"Capture & Caption"
Potatoes
In the ancient ruins of Peru and Chile, archaeologists have found potato remains that date back to 500 B.C. The Incas grew and ate them and also worshipped them.
The potato was carried on to Italy and England about 1585, to Belgium and Germany by 1587, to Austria about 1588, and to France around 1600. Wherever the potato was introduced, it was considered weird, poisonous, and downright evil. In France and elsewhere, the potato was accused of causing not only leprosy, but also syphilis, narcosis, scronfula, early death, sterillity, and rampant sexuality, and of destroying the soil where it grew. There was so much opposition to the potato that an edict was made in the town of Besancon, France stating:
"In view of the fact that the potato is a pernicious substance whose use can cause leprosy, it is hereby forbidden, under pain of fine, to cultivate it."

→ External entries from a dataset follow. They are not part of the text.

(* Let $n\in\mathbb{N}$ and let $x,y\in\{0,1\}^n$ with ${\sf dist}(x,y)=1$. Then ${\sf dist}({\sf signature}(x),{\sf signature}(y))\le 3$ (Hamming distance of strings over the alphabet $\{0,1,\sqcup\}$). Consequently, writing $C_x=\{c_k,c_{k+1},\dots,c_{n-k}\}$ and $C_y=\{c'_{k'},\dots,c'_{n-k'}\}$ for the chains containing $x$ and $y$ (with $|c_j|=j$ and $|c'_{j}|=j$), we have (1) $|k-k'|\le 1$, and (2) for all $j\in[k,n-k]$ and $j'\in[k',n-k']$, ${\sf dist}(c_j,c'_{j'})\le |j-j'|+6$.
   Context: ${\sf dist}$ is Hamming distance, $|z|$ the Hamming weight. Marking: for $x\in\{0,1\}^n$, regard each $1$ as an opening parenthesis and each $0$ as a closing parenthesis; a coordinate is marked if its symbol is matched in the standard parenthesis matching (equivalently: repeatedly pick a pair of coordinates $i<i'$ with $x_i=1$, $x_{i'}=0$ that are adjacent among the currently unmarked coordinates, mark both, and continue until no such pair remains; the resulting set of marked coordinates does not depend on the choices). The unmarked coordinates of $x$, read left to right, then form a string $0\cdots01\cdots1$. The signature ${\sf signature}(x)\in\{0,1,\sqcup\}^n$ has $i$-th entry $x_i$ if coordinate $i$ is marked and $\sqcup$ otherwise. The chain $C_x$ is the set of all $y\in\{0,1\}^n$ with ${\sf signature}(y)={\sf signature}(x)$; equivalently, all strings that agree with $x$ on its marked coordinates and whose restriction to the unmarked coordinates has the form $0\cdots01\cdots1$. If $x$ has $2k$ marked coordinates, $C_x=\{c_k,\dots,c_{n-k}\}$ where $c_j$ is the unique element of weight $j$ (this is the de Bruijn–Tengbergen–Kruyswijk symmetric chain partition). *)

From mathcomp Require Import all_boot.
Set Implicit Arguments. Unset Strict Implicit. Unset Printing Implicit Defensive.

(* Binary strings of length n: n.-tuple bool (true = 1, false = 0).
   Coordinates are 0-indexed: 0 .. n-1. *)

Definition dist (T : eqType) (s t : seq T) : nat :=
  count (fun p => p.1 != p.2) (zip s t).

Definition weight (s : seq bool) : nat := count id s.

(* Standard parenthesis matching (1 = '(' , 0 = ')') via a stack:
   scanning left to right, a 1 pushes its index; a 0 pops the most recent
   unmatched 1 (if any) and both get marked. *)
Fixpoint match_aux (s : seq bool) (i : nat) (stk marked : seq nat) : seq nat :=
  match s with
  | [::] => marked
  | b :: s' =>
      if b then match_aux s' i.+1 (i :: stk) marked
      else match stk with
           | [::] => match_aux s' i.+1 [::] marked
           | j :: stk' => match_aux s' i.+1 stk' (i :: j :: marked)
           end
  end.

Definition marked (s : seq bool) (i : nat) : bool := i \in match_aux s 0 [::] [::].

(* signature(x) in {0,1,⊔}^n : Some b = symbol b (marked), None = ⊔ *)
Definition signature (s : seq bool) : seq (option bool) :=
  [seq if marked s i then Some (nth false s i) else None | i <- iota 0 (size s)].

Definition nmarked (s : seq bool) : nat := count (marked s) (iota 0 (size s)).
Definition chain_k (s : seq bool) : nat := (nmarked s)./2.

Definition in_chain n (x z : n.-tuple bool) : bool := signature z == signature x.

Definition natdist (a b : nat) : nat := (a - b) + (b - a).

From mathcomp Require Import all_boot all_order all_algebra zify.
Import GRing.Theory Num.Theory Order.TTheory.
Set Implicit Arguments. Unset Strict Implicit. Unset Printing Implicit Defensive.

(* Read 1 as a step +1 and 0 as a step -1 and let h be the height (prefix sum).
   A 1 at j is matched iff h comes back down to h(j) later, a 0 at j is matched
   iff h was below h(j) earlier; in particular the unmarked part is sorted.
   Turning the 1 at p into a 0 keeps h before p and lowers it by 2 after p.
   So only two kinds of coordinates change status: unmatched 1s left of p with
   height in [M-2, M), M the minimum of h on [p, n], and matched 0s right of p
   with height in (m, m+2], m the minimum of h on [0, p]. Heights increase
   strictly along the first kind and decrease strictly along the second, and the
   offsets M - h and h - m never agree across kinds, so together with p at most
   three coordinates change. For the chains: a Hamming difference outside the
   signature difference sits in the common sorted unmarked part, where it is
   paid for by the weight difference; and the number of marked coordinates is
   even and moves by at most 3, so k moves by at most 1. *)

Lemma count_nth_iota (T : Type) (x0 : T) (P : pred T) (s : seq T) :
  count P s = count (fun i => P (nth x0 s i)) (iota 0 (size s)).
Proof. by rewrite -{1}(mkseq_nth x0 s) /mkseq count_map. Qed.

Lemma dist_nth (T : eqType) (a : T) (s t : seq T) : size s = size t ->
  dist s t = count (fun i => nth a s i != nth a t i) (iota 0 (size s)).
Proof.
move=> e; rewrite /dist (count_nth_iota (a, a)) size_zip e minnn.
by apply: eq_count => i /=; rewrite nth_zip.
Qed.

Lemma distC (T : eqType) (s t : seq T) : size s = size t -> dist s t = dist t s.
Proof.
case: s => [|a s] e; first by case: t e.
rewrite (dist_nth a e) (dist_nth a (esym e)) e.
by apply: eq_count => i; rewrite eq_sym.
Qed.

Lemma dist_eq1 (T : eqType) (a : T) (s t : seq T) : size s = size t -> dist s t = 1 ->
  exists2 p, p < size s & nth a s p != nth a t p /\ forall i, i != p -> nth a s i = nth a t i.
Proof.
move=> e; rewrite (dist_nth a e) -size_filter.
set D := filter _ _; case ED: D => [|p [|]] //= _.
have : p \in D by rewrite ED mem_head.
rewrite mem_filter mem_iota /= => /andP [dp ps]; exists p => //; split=> // i ip.
case: (ltnP i (size s)) => [ilt | ige]; last by rewrite !nth_default -?e.
apply/eqP/negPn/negP => di.
have : i \in D by rewrite mem_filter mem_iota /= di ilt.
by rewrite ED inE (negbTE ip).
Qed.

Lemma leq_count_comb (l : seq nat) (a b c d : pred nat) k :
  (forall i, i \in l -> a i + b i <= c i + k * d i) ->
  count a l + count b l <= count c l + k * count d l.
Proof.
elim: l => [|i l IH] //= h.
have := h i (mem_head _ _).
have := IH (fun j hj => h j (mem_behead (s := i :: l) hj)).
lia.
Qed.

Lemma count_leq_size_inj (T U : eqType) (P : pred T) (f : T -> U) (l : seq T) (r : seq U) :
  uniq l -> {in P &, injective f} -> (forall i, P i -> f i \in r) -> count P l <= size r.
Proof.
move=> ul finj fr; rewrite -size_filter -(size_map f); apply: uniq_leq_size.
  rewrite map_inj_in_uniq ?filter_uniq // => i i'.
  by rewrite !mem_filter => /andP [+ _] /andP [+ _]; apply: finj.
by move=> z /mapP [i]; rewrite mem_filter => /andP [pi _] ->; apply: fr.
Qed.

Lemma exists_argmin (f : nat -> int) a b : a <= b ->
  exists2 t, a <= t <= b & forall u, a <= u <= b -> (f t <= f u)%R.
Proof.
elim: b => [|b IH] ab.
  by exists 0 => [|u hu]; [lia | have -> : u = 0 by lia].
case: (leqP a b) => ab'; last first.
  by exists b.+1 => [|u hu]; [lia | have -> : u = b.+1 by lia].
have [t ht hm] := IH ab'.
case: (lerP (f t) (f b.+1)) => c.
  exists t => [|u hu]; first lia.
  by case: (eqVneq u b.+1) => [->//|ne]; apply: hm; lia.
exists b.+1 => [|u hu]; first lia.
case: (eqVneq u b.+1) => [->//|ne]; have := hm u (ltac:(lia)); lia.
Qed.

Definition step (b : bool) : int := if b then 1%R else (-1)%R.

Definition height (s : seq bool) (t : nat) : int :=
  (\sum_(k < t) step (nth false s k))%R.

Lemma height0 s : height s 0 = 0%R.
Proof. by rewrite /height big_ord0. Qed.

Lemma heightS s t : height s t.+1 = (height s t + step (nth false s t))%R.
Proof. by rewrite /height big_ord_recr. Qed.

Lemma height_one s t : nth false s t -> height s t.+1 = (height s t + 1)%R.
Proof. by rewrite heightS /step => ->. Qed.

Lemma height_zero s t : ~~ nth false s t -> height s t.+1 = (height s t - 1)%R.
Proof. by rewrite heightS /step => /negbTE ->. Qed.

Section Matching.
Variable s : seq bool.
Local Notation h := (height s).
Local Open Scope ring_scope.

Definition matched_by (i j : nat) : Prop :=
  if nth false s j then exists2 t, (j < t <= i)%N & h t <= h j
  else exists2 t, (t <= j)%N & h t < h j.

Definition open_at (i j : nat) : Prop :=
  [/\ (j < i)%N, nth false s j & forall t, (j < t <= i)%N -> h j < h t].

Lemma matched_by_mono i i' j : (i <= i')%N -> matched_by i j -> matched_by i' j.
Proof.
rewrite /matched_by => ii; case: ifP => // _ [t /andP [jt ti] ht].
by exists t => //; rewrite jt /=; lia.
Qed.

Lemma matched_byS i j : (j < i)%N -> matched_by i.+1 j ->
  matched_by i j \/ (open_at i j /\ h i.+1 <= h j).
Proof.
rewrite /matched_by => ji; case: ifP => sj; last by left.
move=> [t /andP [jt ti] ht].
case: (boolP (has (fun u => h u <= h j) (iota j.+1 (i - j)))).
  by move=> /hasP [u]; rewrite mem_iota => ju hu; left; exists u => //; lia.
move=> /hasPn hlt; right.
have {}hlt u : (j < u <= i)%N -> h j < h u.
  by move=> ju; rewrite ltNge; apply: hlt; rewrite mem_iota; lia.
have et : t = i.+1 by case: (ltnP t i.+1) => c; [have := hlt t; lia | lia].
by split=> //; rewrite -et.
Qed.

Definition stack_inv (i : nat) (stk : seq nat) : Prop :=
  [/\ forall k, (k < size stk)%N -> h (nth 0%N stk k) = h i - k%:Z - 1,
      forall t, (t <= i)%N -> h i - (size stk)%:Z <= h t,
      exists2 t, (t <= i)%N & h t = h i - (size stk)%:Z
    & forall j : nat, j \in stk -> open_at i j].

Definition marks_inv (i : nat) (mk : seq nat) : Prop :=
  forall j, j \in mk <-> (j < i)%N /\ matched_by i j.

Lemma stack_inv0 : stack_inv 0 [::].
Proof.
split=> // [t|]; first by rewrite leqn0 => /eqP ->; lia.
by exists 0%N => //; rewrite subr0.
Qed.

1589 - Sir Walter Raleigh (1552-1618), British explorer and historian known for his expeditions to the Americas, first brought the potato to Ireland and planted them at his Irish estate at Myrtle Grove, Youghal, near Cork, Ireland. Legend has it that he made a gift of the potato plant to Queen Elizabeth I (1533-1603). The local gentry were invited to a royal banquet featuring the potato in every course. Unfortunately, the cooks were uneducated in the matter of potatoes, tossed out the lumpy-looking tubers and brought to the royal table a dish of boiled stems and leaves (which are poisonous), which promptly made everyone deathly ill. The potatoes were then banned from court.
1774 - Russian peasant refused to have anything to do with the potato until the mid 1700s. Frederick the Great (1712-1786) sent free potatoes to the starving peasants after the famine of 1774, but they refused to touch them until soldiers were sent to persuade them.
We seem to forget that the potato has only been with us for a few hundred years.